- **INSTRUCTIONS FOR THE TASK**
Below are entries; copy exactly the lines from the one with "by rewrite mem_filter" through the one with "Lemma branch_seq_bound (p", both included, and leave out the rest.

- **Stored records**
-----

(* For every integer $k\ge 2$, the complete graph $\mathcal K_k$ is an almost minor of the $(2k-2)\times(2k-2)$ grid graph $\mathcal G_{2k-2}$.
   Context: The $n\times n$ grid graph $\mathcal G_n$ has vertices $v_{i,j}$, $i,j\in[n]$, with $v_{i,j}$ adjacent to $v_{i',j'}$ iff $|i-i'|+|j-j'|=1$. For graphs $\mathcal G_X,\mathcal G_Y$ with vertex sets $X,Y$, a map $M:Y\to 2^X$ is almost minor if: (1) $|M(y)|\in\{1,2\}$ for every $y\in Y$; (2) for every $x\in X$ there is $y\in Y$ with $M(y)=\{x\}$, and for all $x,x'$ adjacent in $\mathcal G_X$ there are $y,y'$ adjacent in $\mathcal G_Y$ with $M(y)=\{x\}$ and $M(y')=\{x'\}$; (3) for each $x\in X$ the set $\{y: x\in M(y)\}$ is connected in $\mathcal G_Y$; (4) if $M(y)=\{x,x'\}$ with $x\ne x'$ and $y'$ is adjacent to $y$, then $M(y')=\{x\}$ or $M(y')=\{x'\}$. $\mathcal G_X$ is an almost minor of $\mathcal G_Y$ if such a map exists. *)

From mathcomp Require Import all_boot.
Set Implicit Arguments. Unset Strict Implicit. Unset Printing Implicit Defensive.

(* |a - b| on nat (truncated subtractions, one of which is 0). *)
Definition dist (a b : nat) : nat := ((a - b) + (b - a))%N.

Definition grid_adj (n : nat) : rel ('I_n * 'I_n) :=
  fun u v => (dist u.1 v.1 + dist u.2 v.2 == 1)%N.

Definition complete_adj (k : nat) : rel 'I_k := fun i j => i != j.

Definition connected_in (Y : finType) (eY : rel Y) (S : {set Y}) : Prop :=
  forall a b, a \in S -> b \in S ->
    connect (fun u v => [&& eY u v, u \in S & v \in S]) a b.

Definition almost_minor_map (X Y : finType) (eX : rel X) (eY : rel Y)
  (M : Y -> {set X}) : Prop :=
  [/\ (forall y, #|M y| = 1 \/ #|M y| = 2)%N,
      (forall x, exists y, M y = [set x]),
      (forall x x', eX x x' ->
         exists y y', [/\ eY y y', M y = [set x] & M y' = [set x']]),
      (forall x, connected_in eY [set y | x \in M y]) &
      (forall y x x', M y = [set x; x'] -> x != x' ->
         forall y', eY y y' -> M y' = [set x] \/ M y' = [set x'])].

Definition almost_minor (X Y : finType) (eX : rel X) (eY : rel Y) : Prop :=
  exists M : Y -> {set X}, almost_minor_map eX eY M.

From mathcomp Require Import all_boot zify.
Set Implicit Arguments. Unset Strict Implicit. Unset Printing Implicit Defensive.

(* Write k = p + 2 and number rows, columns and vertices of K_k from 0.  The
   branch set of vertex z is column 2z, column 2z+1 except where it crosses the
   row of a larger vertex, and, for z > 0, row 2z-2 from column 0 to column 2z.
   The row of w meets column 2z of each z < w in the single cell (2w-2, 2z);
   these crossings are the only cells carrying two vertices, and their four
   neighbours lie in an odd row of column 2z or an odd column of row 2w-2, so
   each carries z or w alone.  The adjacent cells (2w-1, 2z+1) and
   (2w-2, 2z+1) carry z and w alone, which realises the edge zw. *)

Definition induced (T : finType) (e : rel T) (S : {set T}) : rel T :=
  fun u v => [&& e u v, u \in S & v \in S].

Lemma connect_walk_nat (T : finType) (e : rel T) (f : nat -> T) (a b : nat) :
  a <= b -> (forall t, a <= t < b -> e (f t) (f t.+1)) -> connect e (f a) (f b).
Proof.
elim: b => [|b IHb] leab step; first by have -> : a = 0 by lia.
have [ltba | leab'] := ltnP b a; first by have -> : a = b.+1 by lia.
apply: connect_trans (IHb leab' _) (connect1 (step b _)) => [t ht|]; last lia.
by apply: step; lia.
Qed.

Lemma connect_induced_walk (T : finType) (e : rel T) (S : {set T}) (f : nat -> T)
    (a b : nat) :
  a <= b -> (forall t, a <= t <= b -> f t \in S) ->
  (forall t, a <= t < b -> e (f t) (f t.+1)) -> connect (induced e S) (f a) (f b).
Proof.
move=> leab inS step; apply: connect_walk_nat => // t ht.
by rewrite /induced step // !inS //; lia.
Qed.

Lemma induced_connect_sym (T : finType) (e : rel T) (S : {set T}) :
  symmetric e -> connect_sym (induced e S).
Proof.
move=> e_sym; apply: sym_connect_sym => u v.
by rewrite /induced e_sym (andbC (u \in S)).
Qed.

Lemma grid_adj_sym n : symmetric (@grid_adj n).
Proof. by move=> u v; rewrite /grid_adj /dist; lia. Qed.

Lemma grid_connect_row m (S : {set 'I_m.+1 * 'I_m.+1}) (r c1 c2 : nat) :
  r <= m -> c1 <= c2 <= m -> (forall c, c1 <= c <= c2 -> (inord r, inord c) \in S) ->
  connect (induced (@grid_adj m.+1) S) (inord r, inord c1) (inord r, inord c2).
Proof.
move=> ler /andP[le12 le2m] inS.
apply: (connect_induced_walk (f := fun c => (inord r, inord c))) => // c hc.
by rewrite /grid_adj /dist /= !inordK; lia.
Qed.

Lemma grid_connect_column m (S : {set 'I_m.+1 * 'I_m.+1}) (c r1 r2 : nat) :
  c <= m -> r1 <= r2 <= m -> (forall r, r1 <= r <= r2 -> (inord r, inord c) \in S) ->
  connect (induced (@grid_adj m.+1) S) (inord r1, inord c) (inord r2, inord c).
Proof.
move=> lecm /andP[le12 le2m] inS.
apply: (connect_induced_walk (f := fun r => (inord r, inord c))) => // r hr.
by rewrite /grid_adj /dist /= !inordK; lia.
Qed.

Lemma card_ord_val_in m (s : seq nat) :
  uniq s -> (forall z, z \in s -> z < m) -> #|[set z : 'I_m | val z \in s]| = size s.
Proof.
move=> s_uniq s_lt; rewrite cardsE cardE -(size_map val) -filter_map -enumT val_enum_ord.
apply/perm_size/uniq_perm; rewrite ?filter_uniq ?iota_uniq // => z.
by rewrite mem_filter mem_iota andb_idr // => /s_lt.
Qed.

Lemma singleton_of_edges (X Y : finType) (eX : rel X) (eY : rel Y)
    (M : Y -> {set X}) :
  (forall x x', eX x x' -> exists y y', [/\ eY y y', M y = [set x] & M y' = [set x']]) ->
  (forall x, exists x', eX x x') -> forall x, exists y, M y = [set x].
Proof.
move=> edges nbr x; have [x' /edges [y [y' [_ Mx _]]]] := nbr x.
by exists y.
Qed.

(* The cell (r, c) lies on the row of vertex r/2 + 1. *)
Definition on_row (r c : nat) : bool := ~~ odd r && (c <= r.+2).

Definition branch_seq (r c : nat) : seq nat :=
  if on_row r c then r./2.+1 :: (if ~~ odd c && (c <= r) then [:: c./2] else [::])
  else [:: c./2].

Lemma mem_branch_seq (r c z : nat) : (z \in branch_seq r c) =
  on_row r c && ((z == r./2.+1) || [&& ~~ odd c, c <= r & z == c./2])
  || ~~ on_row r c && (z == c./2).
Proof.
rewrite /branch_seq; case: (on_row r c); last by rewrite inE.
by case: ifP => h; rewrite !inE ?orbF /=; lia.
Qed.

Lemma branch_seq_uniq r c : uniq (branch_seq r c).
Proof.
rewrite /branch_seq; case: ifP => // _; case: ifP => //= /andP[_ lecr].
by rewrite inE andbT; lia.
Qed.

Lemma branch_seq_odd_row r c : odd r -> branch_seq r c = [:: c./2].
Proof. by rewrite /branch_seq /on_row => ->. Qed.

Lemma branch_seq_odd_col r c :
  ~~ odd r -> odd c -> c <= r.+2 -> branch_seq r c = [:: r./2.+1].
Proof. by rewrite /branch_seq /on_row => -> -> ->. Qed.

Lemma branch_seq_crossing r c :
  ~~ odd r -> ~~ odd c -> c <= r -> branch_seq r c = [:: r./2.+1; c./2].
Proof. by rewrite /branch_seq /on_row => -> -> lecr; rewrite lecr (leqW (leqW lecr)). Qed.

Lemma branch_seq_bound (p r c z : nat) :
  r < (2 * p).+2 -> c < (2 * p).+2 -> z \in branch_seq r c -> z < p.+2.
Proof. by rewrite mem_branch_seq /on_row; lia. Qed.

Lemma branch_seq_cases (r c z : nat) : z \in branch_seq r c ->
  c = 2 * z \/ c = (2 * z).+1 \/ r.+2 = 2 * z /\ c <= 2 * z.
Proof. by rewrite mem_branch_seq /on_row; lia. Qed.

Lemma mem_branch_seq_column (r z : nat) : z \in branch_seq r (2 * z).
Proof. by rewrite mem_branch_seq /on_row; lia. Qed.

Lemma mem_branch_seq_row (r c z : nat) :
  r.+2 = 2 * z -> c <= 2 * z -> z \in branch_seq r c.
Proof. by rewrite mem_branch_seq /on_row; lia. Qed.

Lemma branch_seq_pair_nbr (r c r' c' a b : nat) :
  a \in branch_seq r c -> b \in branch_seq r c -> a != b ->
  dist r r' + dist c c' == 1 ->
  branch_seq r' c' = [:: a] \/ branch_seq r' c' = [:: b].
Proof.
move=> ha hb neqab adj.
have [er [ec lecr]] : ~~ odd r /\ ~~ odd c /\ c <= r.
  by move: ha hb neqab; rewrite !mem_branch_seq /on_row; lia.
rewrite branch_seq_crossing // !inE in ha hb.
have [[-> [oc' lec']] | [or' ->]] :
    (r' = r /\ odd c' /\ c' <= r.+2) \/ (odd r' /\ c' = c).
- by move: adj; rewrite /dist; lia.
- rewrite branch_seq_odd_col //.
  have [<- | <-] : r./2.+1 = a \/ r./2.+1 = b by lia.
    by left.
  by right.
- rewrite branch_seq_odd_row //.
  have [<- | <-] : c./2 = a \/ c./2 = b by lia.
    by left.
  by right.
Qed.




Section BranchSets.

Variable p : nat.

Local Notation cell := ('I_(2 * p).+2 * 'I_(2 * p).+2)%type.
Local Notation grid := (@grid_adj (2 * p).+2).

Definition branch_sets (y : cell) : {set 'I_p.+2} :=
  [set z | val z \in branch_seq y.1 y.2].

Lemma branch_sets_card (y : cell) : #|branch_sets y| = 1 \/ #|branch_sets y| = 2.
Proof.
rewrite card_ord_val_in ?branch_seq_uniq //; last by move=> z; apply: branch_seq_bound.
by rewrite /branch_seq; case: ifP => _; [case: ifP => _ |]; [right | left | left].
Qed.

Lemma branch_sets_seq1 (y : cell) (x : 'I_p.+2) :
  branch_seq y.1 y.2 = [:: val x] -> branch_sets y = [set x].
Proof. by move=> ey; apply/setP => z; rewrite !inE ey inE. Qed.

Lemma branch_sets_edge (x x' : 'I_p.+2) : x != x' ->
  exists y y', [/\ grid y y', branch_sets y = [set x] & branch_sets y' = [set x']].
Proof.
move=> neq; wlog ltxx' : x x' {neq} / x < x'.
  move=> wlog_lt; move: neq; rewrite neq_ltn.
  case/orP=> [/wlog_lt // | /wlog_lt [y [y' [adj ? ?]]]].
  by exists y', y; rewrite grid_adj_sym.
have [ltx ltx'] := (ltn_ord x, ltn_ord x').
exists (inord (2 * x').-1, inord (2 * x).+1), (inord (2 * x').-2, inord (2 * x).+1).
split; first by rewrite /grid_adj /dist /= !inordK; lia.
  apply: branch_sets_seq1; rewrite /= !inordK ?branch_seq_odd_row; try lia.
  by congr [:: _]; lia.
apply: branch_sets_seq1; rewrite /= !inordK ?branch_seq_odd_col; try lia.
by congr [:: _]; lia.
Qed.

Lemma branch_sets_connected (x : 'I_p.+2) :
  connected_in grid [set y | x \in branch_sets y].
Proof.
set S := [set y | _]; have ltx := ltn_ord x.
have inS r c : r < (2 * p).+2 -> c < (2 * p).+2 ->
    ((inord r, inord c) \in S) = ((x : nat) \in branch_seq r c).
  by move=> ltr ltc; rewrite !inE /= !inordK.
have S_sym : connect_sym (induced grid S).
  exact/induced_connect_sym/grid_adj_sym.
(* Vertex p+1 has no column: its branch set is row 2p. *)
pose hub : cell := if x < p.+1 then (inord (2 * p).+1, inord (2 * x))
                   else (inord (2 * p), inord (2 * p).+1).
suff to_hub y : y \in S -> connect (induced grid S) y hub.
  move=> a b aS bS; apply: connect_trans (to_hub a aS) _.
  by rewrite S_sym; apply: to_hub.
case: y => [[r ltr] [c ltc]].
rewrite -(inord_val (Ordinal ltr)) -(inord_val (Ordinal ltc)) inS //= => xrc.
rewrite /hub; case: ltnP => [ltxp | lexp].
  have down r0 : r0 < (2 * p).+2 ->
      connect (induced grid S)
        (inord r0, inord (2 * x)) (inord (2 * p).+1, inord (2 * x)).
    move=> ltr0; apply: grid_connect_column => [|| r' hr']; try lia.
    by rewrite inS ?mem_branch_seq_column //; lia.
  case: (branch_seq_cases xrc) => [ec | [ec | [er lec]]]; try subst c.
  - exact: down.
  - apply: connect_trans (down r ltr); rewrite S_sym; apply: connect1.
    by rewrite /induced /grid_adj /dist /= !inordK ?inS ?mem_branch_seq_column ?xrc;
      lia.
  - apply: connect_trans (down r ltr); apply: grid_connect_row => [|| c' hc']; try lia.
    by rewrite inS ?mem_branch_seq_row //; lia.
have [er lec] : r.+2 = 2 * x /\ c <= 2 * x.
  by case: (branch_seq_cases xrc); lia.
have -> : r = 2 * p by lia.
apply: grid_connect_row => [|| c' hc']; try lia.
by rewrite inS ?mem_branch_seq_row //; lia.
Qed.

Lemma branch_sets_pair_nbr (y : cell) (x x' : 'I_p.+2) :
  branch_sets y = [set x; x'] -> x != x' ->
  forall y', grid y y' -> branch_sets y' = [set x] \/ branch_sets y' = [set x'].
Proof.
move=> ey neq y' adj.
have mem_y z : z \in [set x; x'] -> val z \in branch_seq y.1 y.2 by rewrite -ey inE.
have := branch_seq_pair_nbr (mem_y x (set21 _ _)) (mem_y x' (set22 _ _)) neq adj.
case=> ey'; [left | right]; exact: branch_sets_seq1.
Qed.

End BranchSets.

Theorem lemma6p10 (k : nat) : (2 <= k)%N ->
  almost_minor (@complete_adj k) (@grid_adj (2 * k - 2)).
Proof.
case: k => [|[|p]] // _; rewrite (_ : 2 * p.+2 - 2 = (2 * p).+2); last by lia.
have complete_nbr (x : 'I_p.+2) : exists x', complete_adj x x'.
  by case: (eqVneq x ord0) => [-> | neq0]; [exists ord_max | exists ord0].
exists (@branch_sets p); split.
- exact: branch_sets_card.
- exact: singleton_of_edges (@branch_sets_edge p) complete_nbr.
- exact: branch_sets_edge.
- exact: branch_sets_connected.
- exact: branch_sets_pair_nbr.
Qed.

-----

- **ANSWER SPACE**
by rewrite mem_filter mem_iota andb_idr // => /s_lt.
Qed.

Lemma singleton_of_edges (X Y : finType) (eX : rel X) (eY : rel Y)
    (M : Y -> {set X}) :
  (forall x x', eX x x' -> exists y y', [/\ eY y y', M y = [set x] & M y' = [set x']]) ->
  (forall x, exists x', eX x x') -> forall x, exists y, M y = [set x].
Proof.
move=> edges nbr x; have [x' /edges [y [y' [_ Mx _]]]] := nbr x.
by exists y.
Qed.

(* The cell (r, c) lies on the row of vertex r/2 + 1. *)
Definition on_row (r c : nat) : bool := ~~ odd r && (c <= r.+2).

Definition branch_seq (r c : nat) : seq nat :=
  if on_row r c then r./2.+1 :: (if ~~ odd c && (c <= r) then [:: c./2] else [::])
  else [:: c./2].

Lemma mem_branch_seq (r c z : nat) : (z \in branch_seq r c) =
  on_row r c && ((z == r./2.+1) || [&& ~~ odd c, c <= r & z == c./2])
  || ~~ on_row r c && (z == c./2).
Proof.
rewrite /branch_seq; case: (on_row r c); last by rewrite inE.
by case: ifP => h; rewrite !inE ?orbF /=; lia.
Qed.

Lemma branch_seq_uniq r c : uniq (branch_seq r c).
Proof.
rewrite /branch_seq; case: ifP => // _; case: ifP => //= /andP[_ lecr].
by rewrite inE andbT; lia.
Qed.

Lemma branch_seq_odd_row r c : odd r -> branch_seq r c = [:: c./2].
Proof. by rewrite /branch_seq /on_row => ->. Qed.

Lemma branch_seq_odd_col r c :
  ~~ odd r -> odd c -> c <= r.+2 -> branch_seq r c = [:: r./2.+1].
Proof. by rewrite /branch_seq /on_row => -> -> ->. Qed.

Lemma branch_seq_crossing r c :
  ~~ odd r -> ~~ odd c -> c <= r -> branch_seq r c = [:: r./2.+1; c./2].
Proof. by rewrite /branch_seq /on_row => -> -> lecr; rewrite lecr (leqW (leqW lecr)). Qed.

Lemma branch_seq_bound (p r c z : nat) :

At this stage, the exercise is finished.